======== DATASET EXTRACT

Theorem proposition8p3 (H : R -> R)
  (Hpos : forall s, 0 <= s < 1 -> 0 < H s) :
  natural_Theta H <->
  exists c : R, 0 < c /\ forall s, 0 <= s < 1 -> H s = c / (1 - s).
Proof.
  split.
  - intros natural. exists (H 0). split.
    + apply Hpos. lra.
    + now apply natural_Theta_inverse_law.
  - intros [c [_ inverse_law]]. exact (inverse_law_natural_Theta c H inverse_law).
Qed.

================
======== DATASET EXTRACT

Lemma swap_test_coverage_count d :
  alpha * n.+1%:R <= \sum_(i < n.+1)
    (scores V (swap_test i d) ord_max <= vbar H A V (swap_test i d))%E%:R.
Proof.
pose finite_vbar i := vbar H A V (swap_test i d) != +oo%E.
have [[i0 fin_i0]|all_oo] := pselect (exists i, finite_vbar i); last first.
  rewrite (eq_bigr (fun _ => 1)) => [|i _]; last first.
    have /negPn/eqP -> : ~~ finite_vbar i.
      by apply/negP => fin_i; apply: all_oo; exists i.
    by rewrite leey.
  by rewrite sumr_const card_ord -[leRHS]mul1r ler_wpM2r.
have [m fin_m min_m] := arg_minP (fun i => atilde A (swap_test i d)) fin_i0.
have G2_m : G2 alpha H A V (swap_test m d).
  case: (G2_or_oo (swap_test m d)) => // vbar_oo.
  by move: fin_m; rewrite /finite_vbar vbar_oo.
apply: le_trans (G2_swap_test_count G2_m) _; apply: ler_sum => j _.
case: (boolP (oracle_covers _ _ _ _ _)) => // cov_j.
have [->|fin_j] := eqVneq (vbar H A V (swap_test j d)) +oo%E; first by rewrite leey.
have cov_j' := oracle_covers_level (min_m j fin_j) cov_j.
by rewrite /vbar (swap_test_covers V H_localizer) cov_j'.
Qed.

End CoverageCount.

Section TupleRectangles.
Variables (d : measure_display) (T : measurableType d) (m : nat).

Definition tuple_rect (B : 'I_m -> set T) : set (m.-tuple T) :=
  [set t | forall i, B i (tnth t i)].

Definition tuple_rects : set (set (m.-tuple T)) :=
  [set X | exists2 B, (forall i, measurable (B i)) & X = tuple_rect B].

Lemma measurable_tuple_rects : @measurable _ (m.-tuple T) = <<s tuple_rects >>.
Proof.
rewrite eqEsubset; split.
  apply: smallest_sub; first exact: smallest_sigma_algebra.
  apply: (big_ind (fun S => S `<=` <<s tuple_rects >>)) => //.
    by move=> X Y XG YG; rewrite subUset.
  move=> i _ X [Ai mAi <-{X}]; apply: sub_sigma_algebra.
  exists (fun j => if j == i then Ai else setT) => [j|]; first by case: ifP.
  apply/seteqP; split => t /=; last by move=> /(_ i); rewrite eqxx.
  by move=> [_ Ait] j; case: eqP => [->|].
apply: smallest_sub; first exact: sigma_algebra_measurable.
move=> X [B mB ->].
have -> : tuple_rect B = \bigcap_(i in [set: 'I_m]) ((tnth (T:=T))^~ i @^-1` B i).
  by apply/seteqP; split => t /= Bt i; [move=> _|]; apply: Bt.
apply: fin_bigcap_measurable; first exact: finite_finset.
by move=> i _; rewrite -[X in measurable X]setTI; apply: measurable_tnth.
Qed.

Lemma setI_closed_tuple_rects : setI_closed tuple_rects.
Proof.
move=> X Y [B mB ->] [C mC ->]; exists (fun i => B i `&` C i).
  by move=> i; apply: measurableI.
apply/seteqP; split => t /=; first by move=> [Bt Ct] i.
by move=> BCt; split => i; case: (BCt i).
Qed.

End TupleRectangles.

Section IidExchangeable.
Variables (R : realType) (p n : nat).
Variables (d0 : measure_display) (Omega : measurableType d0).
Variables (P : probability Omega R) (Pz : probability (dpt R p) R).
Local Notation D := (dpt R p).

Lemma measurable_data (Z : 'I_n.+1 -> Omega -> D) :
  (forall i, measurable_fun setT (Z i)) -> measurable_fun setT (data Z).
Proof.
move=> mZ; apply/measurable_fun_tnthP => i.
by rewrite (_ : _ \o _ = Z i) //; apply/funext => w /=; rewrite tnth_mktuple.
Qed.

================

TASK OBJECTIVE:
From the listing above, return the lines starting at the one with "have [m fin_m" and ending at the one with "apply: smallest_sub; first exact: smallest_sigma_algebra.", both kept, exactly as they appear and nothing more.

ANSWER TO THIS EXERCISE:
have [m fin_m min_m] := arg_minP (fun i => atilde A (swap_test i d)) fin_i0.
have G2_m : G2 alpha H A V (swap_test m d).
  case: (G2_or_oo (swap_test m d)) => // vbar_oo.
  by move: fin_m; rewrite /finite_vbar vbar_oo.
apply: le_trans (G2_swap_test_count G2_m) _; apply: ler_sum => j _.
case: (boolP (oracle_covers _ _ _ _ _)) => // cov_j.
have [->|fin_j] := eqVneq (vbar H A V (swap_test j d)) +oo%E; first by rewrite leey.
have cov_j' := oracle_covers_level (min_m j fin_j) cov_j.
by rewrite /vbar (swap_test_covers V H_localizer) cov_j'.
Qed.

End CoverageCount.

Section TupleRectangles.
Variables (d : measure_display) (T : measurableType d) (m : nat).

Definition tuple_rect (B : 'I_m -> set T) : set (m.-tuple T) :=
  [set t | forall i, B i (tnth t i)].

Definition tuple_rects : set (set (m.-tuple T)) :=
  [set X | exists2 B, (forall i, measurable (B i)) & X = tuple_rect B].

Lemma measurable_tuple_rects : @measurable _ (m.-tuple T) = <<s tuple_rects >>.
Proof.
rewrite eqEsubset; split.
  apply: smallest_sub; first exact: smallest_sigma_algebra.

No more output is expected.